Around late Mar 05, the University of Hong Kong Libraries launched its Subject Blogs site (http://lib.hku.hk/cd/news.html). Here's an email interview with Ms. Gayle Chan, Collection Development Librarian about their blogs. It's an excellent endorsement for library blogs.
When did the HKU subject blogs first get started?
We started to explore the idea after I heard about library blogs at last summer's ALA Conference. At the same time, we were also exploring a better alternative than using the bulk e-mail system to announce our new e-resources, which does not target any specific groups and not preferred by many students and faculty members we talked to.
What made you implement the subject blogs?

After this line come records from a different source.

(* Under the heap condition, the P-minimum of a bordered range is also ⪯ every
   position of the range in S: follow global parents from x, which stay in the
   range and decrease for ≺ in P, down to the P-minimum. *)
Lemma bordered_min_heap P S m lo n :
  (forall i, 1 <= i <= m -> preceq S (GP P m i) i) ->
  bordered P m lo n -> 0 < n ->
  forall x, lo <= x < lo + n -> preceq S (argmin P lo n) x.
Proof.
move=> heap hB n0; have [hlo hhi _ _] := hB.
have [hr hmin] := argmin_spec P lo n0.
set r := argmin P lo n in hr hmin *.
pose rank x := count (prec P ^~ x) (iota 1 m).
suff H : forall N x, rank x < N -> lo <= x < lo + n -> preceq S r x.
  by move=> x; apply: H.
elim=> [|N IH] x hN hx; first lia.
case: (eqVneq x r) => [->|hxr]; first exact: preceqxx.
have hrx : prec P r x by apply: preceq_neq (hmin x hx) _; rewrite eq_sym.
have hx1 : 1 <= x <= m by lia.
case: (eqVneq (GP P m x) x) => [hroot|hne].
  by case: (preceq_prec_False (GP_root hx1 hroot (ltac:(lia) : 1 <= r <= m)) hrx).
have hg := GP_in_bordered hB hx hr hrx hne.
have [_ hgx _] := GP_parent hx1 hne.
have hrank : rank (GP P m x) < rank x.
  apply: (count_lt_subpred (y:=GP P m x)); last by rewrite /= precxx.
  - by move=> z /= hz; apply: prec_trans hz hgx.
  - by rewrite mem_iota; lia.
  - exact: hgx.
have hgr := IH (GP P m x) ltac:(lia) hg.
exact: preceq_trans hgr (heap x hx1).
Qed.

(* Under the heap condition, P and S have the same Cartesian tree on every
   bordered range: both roots are the P-minimum, and the two subranges it
   splits off are again bordered. *)
Lemma bordered_ct P S m f lo n :
  (forall i, 1 <= i <= m -> preceq S (GP P m i) i) ->
  n <= f -> bordered P m lo n -> ct_fuel f P lo n = ct_fuel f S lo n.
Proof.
move=> heap; elim: f lo n => [|f IH] lo n hn hB //=.
case: n hn hB => [//|n] hn hB.
have [hr hall] := argmin_spec P lo (n:=n.+1) ltac:(lia).
have -> : argmin S lo n.+1 = argmin P lo n.+1.
  by apply: argmin_uniq; [lia | exact: bordered_min_heap heap hB _].
set r := argmin P lo n.+1 in hr hall *.
case: hB => [hlo hhi hL hR].
have hrj : forall j, lo <= j < lo + n.+1 -> j != r -> prec P r j.
  by move=> j hj hne; apply: preceq_neq; [apply: hall|rewrite eq_sym].
congr Node; apply: IH; try lia; split; try lia.
- by move=> h2 j hj; apply: hL; lia.
- move=> _ j hj; have -> : lo + (r - lo) = r by lia.
  by apply: hrj; [lia | apply/eqP; lia].
- by move=> _ j hj; apply: hrj; [lia | apply/eqP; lia].
- move=> h j hj; have -> : r.+1 + (lo + n.+1 - r.+1) = lo + n.+1 by lia.
  by apply: hR; lia.
Qed.

End CartesianTrees.

Theorem theorem3 (d : Order.disp_t) (T : orderType d) (m : nat)
    (P S : nat -> T) :
  CT P m = CT S m <->
  (forall i : nat, (1 <= i <= m)%N -> preceq S (GP P m i) i).
Proof.
split.
- move=> E i hi; case: (eqVneq (GP P m i) i) => [->|hne]; first exact: preceqxx.
  have [hg _ _] := GP_parent hi hne.
  set a := minn (GP P m i) i; set n := (maxn (GP P m i) i - a).+1.
  have eS := ct_rmq (leqnn m) E (a:=a) (k:=n) ltac:(lia) ltac:(lia).
  rewrite GP_argmin // in eS.
  have [_ hmin] := argmin_spec S a (n:=n) ltac:(lia).
  by rewrite -eS in hmin; apply: hmin; lia.
- move=> heap; apply: bordered_ct heap (leqnn m) _.
  by split=> //; lia.
Qed.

Our Collection Development Department is quite young (formed July 2003) and we had launched our website for not very long. Adding blog content in subject web-pages to deliver news and subject resources to relevant departments was considered desirable and beneficial to promote outreach in different subject groups.
What were your impressions of blogging before you started, and how have they changed?
Some of us were concerned about the constant need to find news items for regular posting, but turned out much of information was readily available from vendors or just by keeping abreast with literature or research and development in their assigned areas.
How much has the subject blogs changed the way the same content was delivered?
Some of our traditional ways of delivering the same information include email, newsletter, posting on library web-site, presentations/seminars, and by posters/ exhibition, etc.
Blogs certainly offered a much quicker delivery that can easily be targeted to specific groups. Faculty members/ researchers appreciate very much the added-value in information about current research and development in their field, conference/events announcements, and enhancements of contents in existing resources.
Did you have any feedback from your staff maintaining the blogs, as well as your readers?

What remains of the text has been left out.